Литмир - Электронная Библиотека
A
A

– Мальвина? – он вздрогнул со сна и ко мне подъехал на коляске. Боже, он в инвалидном кресле… – Как ты, родная? – Вадим здоровой рукой щеку мою погладил, затем руку сжал встревоженно.

– Терпимо. Ты как? Что с головой? А нога, рука? Я плохо помню… – я обессилено погладила его пальцы.

– Лоб порезал лобовым, царапина. Руки-ноги заживут, не беспокойся. Катюша…

– А ребенок? Все как в тумане… – и я на живот непонимающе посмотрела. Я не могла родить! Еще рано!

– Родная, тебе кесарево сделали. У нас сын.

– Но как же? Так рано… Разве… Как он? – слезы сами из глаз потекли: от страха и радости. Главное, что живой. И Вадим живой. Если бы не он, не знаю, что было бы со мной.

– Наш сын в кувезе. Он такой маленький, но врачи обнадеживают.

– Если бы не ты, – шепотом начала, но Вадим головой покачал обреченно, и в его глазах было столько боли и вины.
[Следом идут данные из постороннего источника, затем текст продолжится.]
(* Let $w=a_{11}\cdots a_{1c_1}\,a_{21}\cdots a_{2c_2}\cdots a_{k1}\cdots a_{kc_k}$ be a column word with segments of lengths $c_1\ge c_2\ge\dots\ge c_k>0$. Then there exist positive integers $b_{ij}$ ($1\le i\le k$, $1\le j\le c_i$) such that $$w\sim^* b_{k1}b_{k-1,1}\cdots b_{11}b_{12}\cdots b_{1c_1}b_{22}\cdots b_{2c_2}\cdots b_{k2}\cdots b_{kc_k},$$ where $b_{11}>b_{21}>\dots>b_{k1}$ and $b_{11}\cdots b_{1c_1}\,|\,b_{22}\cdots b_{2c_2}\,|\cdots|\,b_{k2}\cdots b_{kc_k}$ is a column word (with segment lengths $c_1,c_2-1,\dots,c_k-1$, empty segments omitted).
   Context: A word is a finite sequence of positive integers. Twisted Knuth equivalence $\sim^*$ is the equivalence relation on words generated by: $u\,b\,a\,c\,v\sim^* u\,b\,c\,a\,v$ whenever $c\le b<a$, and $u\,a\,c\,b\,v\sim^* u\,c\,a\,b\,v$ whenever $c<b\le a$, for positive integers $a,b,c$ and arbitrary (possibly empty) words $u,v$. A column word is a word $a_{11}\cdots a_{1c_1}\,a_{21}\cdots a_{2c_2}\cdots a_{k1}\cdots a_{kc_k}$ (segments separated by $|$) with $c_1\ge c_2\ge\dots\ge c_k>0$ such that each segment is weakly decreasing ($a_{ij}\ge a_{i,j+1}$) and $a_{i+1,c_{i+1}-j}>a_{i,c_i-j}$ for all $0\le j<c_{i+1}$, $1\le i<k$. *)

From mathcomp Require Import all_boot.
From Stdlib Require Import Relations.
Set Implicit Arguments. Unset Strict Implicit. Unset Printing Implicit Defensive.

Definition is_word (w : seq nat) : bool := all (fun x => 0 < x) w.

Inductive tk_step : seq nat -> seq nat -> Prop :=
| tk_rule1 (u v : seq nat) (a b c : nat) :
    is_word u -> is_word v -> 0 < a -> 0 < b -> 0 < c ->
    c <= b -> b < a ->
    tk_step (u ++ [:: b; a; c] ++ v) (u ++ [:: b; c; a] ++ v)
| tk_rule2 (u v : seq nat) (a b c : nat) :
    is_word u -> is_word v -> 0 < a -> 0 < b -> 0 < c ->
    c < b -> b <= a ->
    tk_step (u ++ [:: a; c; b] ++ v) (u ++ [:: c; a; b] ++ v).

Definition twisted_knuth_equiv : relation (seq nat) :=
  clos_refl_sym_trans (seq nat) tk_step.

(* A column word, given by its list of segments [s_1; ...; s_k]:
   segment lengths c_1 >= ... >= c_k > 0, letters positive, each segment
   weakly decreasing, and a_{i+1, c_{i+1}-j} > a_{i, c_i - j} for
   0 <= j < c_{i+1}, i.e. comparing segments aligned at their right ends. *)
Definition is_column_word (ss : seq (seq nat)) : bool :=
  all is_word ss &&
  all (fun s => 0 < size s) ss &&
  sorted geq (map size ss) &&
  all (fun s => sorted geq s) ss &&
  [forall i : 'I_(size ss),
     (i.+1 < size ss) ==>
     [forall j : 'I_(size (nth [::] ss i.+1)),
        nth 0 (rev (nth [::] ss i)) j < nth 0 (rev (nth [::] ss i.+1)) j]].

Definition column_word_of (ss : seq (seq nat)) : seq nat := flatten ss.

From mathcomp Require Import all_boot zify.
From Stdlib Require Import Relation_Operators.
Set Implicit Arguments. Unset Strict Implicit. Unset Printing Implicit Defensive.

(* Insert the first letter h of the last segment into the segment to its left: h replaces
   the largest smaller letter b, and twisted Knuth moves carry b to the front of that
   segment (rule 1 slides h leftwards past smaller letters, rule 2 moves b past larger
   ones).  Then b is inserted into the next segment to the left, and so on, until a letter
   z leaves the first segment.  The modified segments keep their lengths and still form a
   column word: for weakly decreasing segments the condition a | b amounts to
   #{y in b | y <= x} <= #{y in a | y < x} for every x, which insertion preserves.
   Induction on the number of segments straightens them, and z is smaller than the letter
   pushed out by their first round, which starts from a letter larger than b. *)

Local Notation "x ~* y" := (twisted_knuth_equiv x y) (at level 70).

Lemma is_word_cat u v : is_word (u ++ v) = is_word u && is_word v.
Proof. exact: all_cat. Qed.

Lemma is_word_flatten ss : is_word (flatten ss) = all is_word ss.
Proof. by elim: ss => //= s ss IH; rewrite is_word_cat IH. Qed.

Lemma tk_step_ctx u v x y : is_word u -> is_word v -> tk_step x y ->
  tk_step (u ++ x ++ v) (u ++ y ++ v).
Proof.
move=> Wu Wv [] u0 v0 a b c Wu0 Wv0 *; rewrite -!catA !(catA u u0);
  [apply: tk_rule1 | apply: tk_rule2]; rewrite // is_word_cat; exact/andP.
Qed.

Lemma tk_equiv_ctx u v x y : is_word u -> is_word v -> x ~* y ->
  u ++ x ++ v ~* u ++ y ++ v.
Proof.
move=> Wu Wv; elim=> [x' y' /(tk_step_ctx Wu Wv) | x' | x' y' _ | x' y' z _ IH1 _ IH2].
- exact: rst_step.
- exact: rst_refl.
- exact: rst_sym.
- exact: rst_trans IH1 IH2.
Qed.

Lemma tk_equiv_rule1 a b c : 0 < c -> c <= b < a -> [:: b; c; a] ~* [:: b; a; c].
Proof.
move=> c_gt0 /andP[cb ba]; apply/rst_sym/rst_step.
by apply: (@tk_rule1 [::] [::]) => //; lia.
Qed.

Lemma tk_equiv_rule2 a b c : 0 < c -> c < b <= a -> [:: a; c; b] ~* [:: c; a; b].
Proof.
move=> c_gt0 /andP[cb ba]; apply/rst_step.
by apply: (@tk_rule2 [::] [::]) => //; lia.
Qed.

Lemma tk_equiv_catl u x y : is_word u -> x ~* y -> u ++ x ~* u ++ y.
Proof. by move=> Wu /(tk_equiv_ctx Wu (isT : is_word [::])); rewrite !cats0. Qed.

Lemma tk_equiv_catr v x y : is_word v -> x ~* y -> x ++ v ~* y ++ v.
Proof. exact: (tk_equiv_ctx (isT : is_word [::])). Qed.

Lemma geq_trans : transitive geq.
Proof. by move=> y x z le_yx le_zy; apply: leq_trans le_zy le_yx. Qed.

Lemma sorted_geq_head s z : sorted geq s -> z \in s -> z <= head 0 s.
Proof.
case: s => // x s /(order_path_min geq_trans) /allP le_x.
by rewrite inE => /predU1P[-> // | /le_x].
Qed.

(* Returns [(y, t)] when no letter of [t] is smaller than [y]. *)
Fixpoint col_bump (t : seq nat) (y : nat) : nat * seq nat :=
  if t is x :: r then
    if x < y then (x, y :: r) else let p := col_bump r y in (p.1, x :: p.2)
  else (y, [::]).

Section Insertion.

Variables (t : seq nat) (y : nat).
Local Notation b := (col_bump t y).1.
Local Notation t' := (col_bump t y).2.

Lemma size_col_bump : size t' = size t.
Proof. by elim: t => //= x r IH; case: ifP => //= _; rewrite IH. Qed.

Lemma perm_col_bump : perm_eq (b :: t') (y :: t).
Proof.
elim: t => //= x r IH; case: ifP => _; first by rewrite (perm_catCA [:: x] [:: y]).
by rewrite (perm_catCA [:: _] [:: x]) perm_sym (perm_catCA [:: y] [:: x]) perm_cons perm_sym.
Qed.

Lemma col_bump_lt : has (fun x => x < y) t -> b < y.
Proof. by elim: t => //= x r IH; case: ifP. Qed.

Lemma mem_col_bumped : has (fun x => x < y) t -> b \in t.
Proof.
by elim: t => //= x r IH; case: ifP => [_|_ /IH]; rewrite inE ?eqxx // => ->; rewrite orbT.
Qed.

Lemma mem_col_inserted : has (fun x => x < y) t -> y \in t'.
Proof.
move=> lt_y; have := perm_mem perm_col_bump y; rewrite !inE eqxx /=.
by rewrite eq_sym (ltn_eqF (col_bump_lt lt_y)).
Qed.

Lemma col_bump_max x : sorted geq t -> x \in t -> x < y -> x <= b.
Proof.
elim: t => //= x0 r IH s_t; case: ifP => [_ x_t _ | le_y].
  exact: (@sorted_geq_head (x0 :: r)) x_t.
rewrite inE => /predU1P[-> lt_x0 | ]; first by rewrite lt_x0 in le_y.
exact: IH (path_sorted s_t).
Qed.

End Insertion.

Lemma sorted_col_bump t y : sorted geq t -> sorted geq (col_bump t y).2.
Proof.
elim: t => //= x r IH s_t; case: ifP => [lt_xy | ge_xy] /=.
  case: r s_t {IH} => //= z r /andP[le_zx ->]; rewrite andbT.
  exact: leq_trans le_zx (ltnW lt_xy).
rewrite path_min_sorted; first exact: IH (path_sorted s_t).
apply/allP => z z_in; have : z \in y :: r.
  by rewrite -(perm_mem (perm_col_bump r y)) inE z_in orbT.
rewrite inE => /predU1P[-> | z_r]; first by rewrite /= leqNgt ge_xy.
by apply: (@sorted_geq_head (x :: r) _ s_t); rewrite inE z_r orbT.
Qed.

Lemma col_bump_word t y :
  is_word t -> 0 < y -> 0 < (col_bump t y).1 /\ is_word (col_bump t y).2.
Proof.
move=> Wt y_gt0; have := perm_all (fun z => 0 < z) (perm_col_bump t y).
by rewrite /= y_gt0 [all _ t]Wt => /andP.
Qed.

Lemma tk_equiv_slide x r y : is_word (x :: r) -> sorted geq (x :: r) -> x < y ->
  x :: r ++ [:: y] ~* [:: x, y & r].
Proof.
elim: r x => [|x2 r IH] x W s_xr lt_xy; first exact: rst_refl.
move: W s_xr => /= /andP[x_gt0 W] /andP[le_x2x s_r].
have lt_x2y : x2 < y by exact: leq_ltn_trans lt_xy.
apply: rst_trans (tk_equiv_catl (u := [:: x]) _ (IH x2 W s_r lt_x2y)) _.
  by rewrite /is_word /= x_gt0.
have x2_gt0 : 0 < x2 by case/andP: W.
apply: (@tk_equiv_catr r [:: x; x2; y] [:: x; y; x2]); first by case/andP: W.
by apply: tk_equiv_rule1 => //; apply/andP.
Qed.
– Катя, это все я. Из-за меня.

– Я не понимаю?

– Та машина… За рулем была сестра Вики, – признался Вадим. – Она хотела… – не договорил, на меня безнадежно, но прямо посмотрел. – Я не знаю, как искупить вину. Прощения просить больше не смею. Я мог потерять вас… Что сделать, чтобы ты одним воздухом со мной дышать могла… – он голову опустил, лицом уткнулся в мою ладонь. Вадим горевал, по-настоящему, по-живому, по-человечески. Никогда не видела его таким открытым, незащищенным, человечным.

– Я хочу увидеть его.

Вадим поднял голову.

– Катюш, его нельзя отключать.

– Я знаю, – и попыталась встать.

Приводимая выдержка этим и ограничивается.